With this ability to think like an attacker, market forces are used to create a new law that can bring accountability without relying on the moral strength of any individual or external moral authority. Robert Wolinsky, senior manager of blockchain research, explains how "Satoshi introduces a cost equation to cheating/collusion via the proof-of-work protocol", making it clear to parties what the cost of attacking the network is and having them pay for it upfront. Furthermore, by making the rewards for playing by the rules higher than the value of attacking the network, it can proactively protect the system from the lack of impulse control of those who are instinctively programmed to act ruthlessly.

Bitcoin mining reintroduces risk into the market. Here, concrete rewards are used to channel risk-taking and self-serving inclinations, making all compete for honesty and truth. The competitive drive of survival of the fittest, fueled by this global math contest does not create ruthless bloodbaths or make a killing on the back of someone’s misery, but instead is guided to serve the whole network. The fire of hashing power burns aggressive and violent parts of our humanity, transforming them into generating global level security for all.

Governance without central authority

Over the decades, democratic governments have become vehicles of control that have lost their fail-safe. Increasingly, people are held hostage by this corrupted political system. Satoshi’s white paper published in 2008 cleared a path for evolution. This wisdom can help humanity solve the problem of a historic failure of accountability.

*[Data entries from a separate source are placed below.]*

(* Let $T:\mathbf{Set}\to\mathbf{Set}$ be a functor, let $\lambda/n$ and $\lambda'/n'$ be monotone singleton-preserving predicate liftings for $T$, let $S$ be an equivalence relation on a set $X$, let $A_1,\dots,A_n\subseteq X$ each be an $S$-equivalence class or empty, and let $B_1,\dots,B_{n'}\subseteq X$ be $S$-closed (unions of $S$-equivalence classes). Then: (1) $\lambda_X(A_1,\dots,A_n)\subseteq\lambda'_X(B_1,\dots,B_{n'})$ or $\lambda_X(A_1,\dots,A_n)\cap\lambda'_X(B_1,\dots,B_{n'})=\varnothing$. (2) If moreover each $B_j$ is an $S$-equivalence class or empty, then $\lambda_X(A_1,\dots,A_n)=\lambda'_X(B_1,\dots,B_{n'})$ or $\lambda_X(A_1,\dots,A_n)\cap\lambda'_X(B_1,\dots,B_{n'})=\varnothing$.
   Context: An $n$-ary predicate lifting for $T$ is a family $\lambda_X:(\mathcal{P}X)^n\to\mathcal{P}(TX)$ natural w.r.t. preimages: $\lambda_X(f^{-1}[A_1],\dots,f^{-1}[A_n])=(Tf)^{-1}[\lambda_Y(A_1,\dots,A_n)]$ for every $f:X\to Y$ and $A_i\subseteq Y$. It is monotone if each $\lambda_X$ is monotone w.r.t. inclusion in every argument, and preserves singletons if $|\lambda_X(\{x_1\},\dots,\{x_n\})|=1$ for all sets $X$ and $x_1,\dots,x_n\in X$. *)

From mathcomp Require Import all_boot.
Set Implicit Arguments.
Unset Strict Implicit.
Unset Printing Implicit Defensive.

Definition set_subset {X : Type} (A B : X -> Prop) : Prop := forall x, A x -> B x.
Definition set_eq {X : Type} (A B : X -> Prop) : Prop := forall x, A x <-> B x.
Definition set_disjoint {X : Type} (A B : X -> Prop) : Prop := forall x, ~ (A x /\ B x).
Definition set_preimage {X Y : Type} (f : X -> Y) (A : Y -> Prop) : X -> Prop :=
  fun x => A (f x).
Definition set_singleton {X : Type} (x : X) : X -> Prop := fun y => y = x.

Definition is_functor (T : Type -> Type)
    (fmap : forall X Y : Type, (X -> Y) -> T X -> T Y) : Prop :=
  (forall (X : Type) (t : T X), fmap X X (fun x => x) t = t) /\
  (forall (X Y Z : Type) (f : X -> Y) (g : Y -> Z) (t : T X),
      fmap X Z (fun x => g (f x)) t = fmap Y Z g (fmap X Y f t)).

Definition predicate_lifting (T : Type -> Type)
    (fmap : forall X Y : Type, (X -> Y) -> T X -> T Y) (n : nat)
    (lam : forall X : Type, ('I_n -> X -> Prop) -> T X -> Prop) : Prop :=
  forall (X Y : Type) (f : X -> Y) (A : 'I_n -> Y -> Prop),
    set_eq (lam X (fun i => set_preimage f (A i)))
           (set_preimage (fmap X Y f) (lam Y A)).

Definition lifting_monotone (T : Type -> Type) (n : nat)
    (lam : forall X : Type, ('I_n -> X -> Prop) -> T X -> Prop) : Prop :=
  forall (X : Type) (A B : 'I_n -> X -> Prop),
    (forall i, set_subset (A i) (B i)) -> set_subset (lam X A) (lam X B).

Definition preserves_singletons (T : Type -> Type) (n : nat)
    (lam : forall X : Type, ('I_n -> X -> Prop) -> T X -> Prop) : Prop :=
  forall (X : Type) (x : 'I_n -> X),
    exists t : T X, forall u, lam X (fun i => set_singleton (x i)) u <-> u = t.

Definition is_equiv_relation {X : Type} (S : X -> X -> Prop) : Prop :=
  (forall x, S x x) /\ (forall x y, S x y -> S y x) /\
  (forall x y z, S x y -> S y z -> S x z).

Definition S_equiv_class {X : Type} (S : X -> X -> Prop) (A : X -> Prop) : Prop :=
  exists x, forall y, A y <-> S x y.

Definition is_empty_set {X : Type} (A : X -> Prop) : Prop := forall x, ~ A x.

Definition S_closed {X : Type} (S : X -> X -> Prop) (A : X -> Prop) : Prop :=
  forall x y, S x y -> A x -> A y.

From mathcomp Require Import all_boot.
From Stdlib Require Import Classical FunctionalExtensionality PropExtensionality.

(* Factor through the quotient map [q : X -> X/S], [x |-> S x].  An S-closed
   set is the preimage under [q] of its set of classes, so by naturality
   [lam_X(A) = (T q)^-1 [lam_(X/S)(A/S)]], and likewise for [lam'].  When every
   [A_i] is a class or empty, [A_i/S] lies inside the singleton [{A_i}], so by
   monotonicity and singleton preservation [lam_(X/S)(A/S)] has at most one
   element.  The preimage of a subsingleton is either contained in or disjoint
   from any other preimage under the same map; if both sets are preimages of
   subsingletons, they are equal or disjoint. *)

Definition subsingleton {Y : Type} (P : Y -> Prop) : Prop :=
  forall u v, P u -> P v -> u = v.

Section Preimages.
Context {Y Z : Type} {g : Y -> Z}.

Lemma preimage_subsingleton_subset_or_disjoint
    {U V : Y -> Prop} {U' V' : Z -> Prop} :
  set_eq U (set_preimage g U') -> set_eq V (set_preimage g V') ->
  subsingleton U' -> set_subset U V \/ set_disjoint U V.
Proof.
move=> defU defV U'1.
case: (classic (exists x, U x /\ V x)) => [[x [Ux Vx]]|noUV].
- left => y Uy; apply/defV; rewrite /set_preimage.
  by rewrite (U'1 (g y) (g x)); [apply/defV | apply/defU | apply/defU].
- by right => y UVy; apply: noUV; exists y.
Qed.

Lemma preimage_subsingletons_eq_or_disjoint
    {U V : Y -> Prop} {U' V' : Z -> Prop} :
  set_eq U (set_preimage g U') -> set_eq V (set_preimage g V') ->
  subsingleton U' -> subsingleton V' -> set_eq U V \/ set_disjoint U V.
Proof.
move=> defU defV U'1 V'1.
case: (preimage_subsingleton_subset_or_disjoint defV defU V'1) => [VU|VU];
  case: (preimage_subsingleton_subset_or_disjoint defU defV U'1) => [UV|UV].
- by left => x; split; [apply: UV | apply: VU].
- by right.
- by right => x [Ux Vx]; apply: (VU x).
- by right.
Qed.

End Preimages.

Section MonotoneLifting.
Context {T : Type -> Type} {n : nat}
  {lam : forall X : Type, ('I_n -> X -> Prop) -> T X -> Prop}.
Hypothesis lam_mono : lifting_monotone lam.

Lemma lifting_set_eq {X : Type} {A B : 'I_n -> X -> Prop} :
  (forall i, set_eq (A i) (B i)) -> set_eq (lam X A) (lam X B).
Proof. by move=> AB u; split; apply: lam_mono => i x /AB. Qed.

Lemma lifting_subsingleton {X : Type} {A : 'I_n -> X -> Prop} {a : 'I_n -> X} :
  preserves_singletons lam -> (forall i, set_subset (A i) (set_singleton (a i))) ->
  subsingleton (lam X A).
Proof.
move=> lam1 Aa; have [t lam_a] := lam1 X a.
have lamAt u : lam X A u -> u = t.
  by move=> Au; apply/lam_a; move: Au; apply: lam_mono => i x /Aa.
by move=> u v /lamAt -> /lamAt ->.
Qed.

End MonotoneLifting.

Section Quotient.
Context {X : Type} {S : X -> X -> Prop}.
Hypothesis S_equiv : is_equiv_relation S.

Definition class_image (A : X -> Prop) (P : X -> Prop) : Prop :=
  exists x, A x /\ P = S x.

Lemma preimage_class_image {A : X -> Prop} :
  S_closed S A -> set_eq (set_preimage S (class_image A)) A.
Proof.
case: S_equiv => refl _ A_closed y; split.
- by case=> x [Ax Sy_Sx]; apply: A_closed Ax; rewrite -Sy_Sx.
- by move=> Ay; exists y.
Qed.

Lemma class_or_empty_closed {A : X -> Prop} :
  S_equiv_class S A \/ is_empty_set A -> S_closed S A.
Proof.
case: S_equiv => _ [_ trans] [[x0 A_x0] | A0] x y Sxy Ax.
- by apply/A_x0; apply: trans Sxy; apply/A_x0.
- by case: (A0 x).
Qed.

Lemma class_image_class_or_empty {A : X -> Prop} :
  S_equiv_class S A \/ is_empty_set A -> set_subset (class_image A) (set_singleton A).
Proof.
case: S_equiv => _ [sym trans] [[x0 A_x0] | A0] P [x [Ax ->]]; last by case: (A0 x).
have Sx0x := proj1 (A_x0 x) Ax.
apply: functional_extensionality => y; apply: propositional_extensionality.
split=> [Sxy | Ay]; first by apply/A_x0; apply: trans Sx0x Sxy.
by apply: trans (sym _ _ Sx0x) _; apply/A_x0.
Qed.

Lemma lifting_through_quotient {T : Type -> Type}
    {fmap : forall X Y : Type, (X -> Y) -> T X -> T Y} {n : nat}
    {lam : forall X : Type, ('I_n -> X -> Prop) -> T X -> Prop}
    {A : 'I_n -> X -> Prop} :
  predicate_lifting fmap lam -> lifting_monotone lam ->
  (forall i, S_closed S (A i)) ->
  set_eq (lam X A)
         (set_preimage (fmap _ _ S) (lam _ (fun i => class_image (A i)))).
Proof.
move=> lam_nat lam_mono A_closed u; rewrite -lam_nat; move: u.
apply: (lifting_set_eq lam_mono) => i y.
by rewrite (preimage_class_image (A_closed i) y).
Qed.

End Quotient.

Theorem mainTheorem5
    (T : Type -> Type) (fmap : forall X Y : Type, (X -> Y) -> T X -> T Y)
    (HT : is_functor fmap)
    (n n' : nat)
    (lam : forall X : Type, ('I_n -> X -> Prop) -> T X -> Prop)
    (lam' : forall X : Type, ('I_n' -> X -> Prop) -> T X -> Prop)
    (Hlam : predicate_lifting fmap lam) (Hmon : lifting_monotone lam)
    (Hsing : preserves_singletons lam)
    (Hlam' : predicate_lifting fmap lam') (Hmon' : lifting_monotone lam')
    (Hsing' : preserves_singletons lam')
    (X : Type) (S : X -> X -> Prop) (HS : is_equiv_relation S)
    (A : 'I_n -> X -> Prop) (B : 'I_n' -> X -> Prop)
    (HA : forall i, S_equiv_class S (A i) \/ is_empty_set (A i))
    (HB : forall j, S_closed S (B j)) :
  (set_subset (lam X A) (lam' X B) \/ set_disjoint (lam X A) (lam' X B)) /\
  ((forall j, S_equiv_class S (B j) \/ is_empty_set (B j)) ->
     set_eq (lam X A) (lam' X B) \/ set_disjoint (lam X A) (lam' X B)).
Proof.
have defA := lifting_through_quotient HS Hlam Hmon
  (fun i => class_or_empty_closed HS (HA i)).
have defB := lifting_through_quotient HS Hlam' Hmon' HB.
have lamA1 := lifting_subsingleton Hmon Hsing
  (fun i => class_image_class_or_empty HS (HA i)).
split; first exact: preimage_subsingleton_subset_or_disjoint defA defB lamA1.
move=> HB1; have lamB1 := lifting_subsingleton Hmon' Hsing'
  (fun j => class_image_class_or_empty HS (HB1 j)).
exact: preimage_subsingletons_eq_or_disjoint defA defB lamA1 lamB1.
Qed.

Bitcoin ungoverns people as well as unbanking them around the world. Proof-of-work distributes what used to be third party trust across a massive global decentralized network, fostering a kind of self-governance in each individual. People who till now have been blindly handing over their consent to institutions can instead choose to be equal under the law of mathematics.

Governance without central authority can at first seem inefficient. But it is more secure than the current system of representation. The more the system reduces the need to trust a third party, replacing it with a borderless network, the lower the security risk becomes. With Bitcoin, governance can be innovated to function as a platform of consensus. Rather than a system to govern others, it can be used as settlement; to work out disputes and reconcile conflicts. Distributed trust as its core technology enables the capacity to set up rules agreed to by everyone, which cannot be altered by one person or group. The Bitcoin blockchain opens a door into a pluralistic society where all can participate in creating governance models and currencies that manifest their values through the principle of mutual aid and voluntary association.

As Bitcoin gains more value, proof-of-work becomes a lightening rod, attracting malicious attackers. Now, a new civilization is emerging, one that does not try to enlighten others, but emanates light from out of our own darkness within. Man is fallible and each person alone can’t account for themselves. But through our genuine efforts of working together, a spark can be created that shines on a path toward freedom. Each 10 minutes, the heart of the Bitcoin network expands, time-stamping out greed and antisocial impulses, while confirming our altruistic nature. Through a network of consensus built upon this virtue of selflessness, humanity that once was known as killer apes can now become a species capable of love.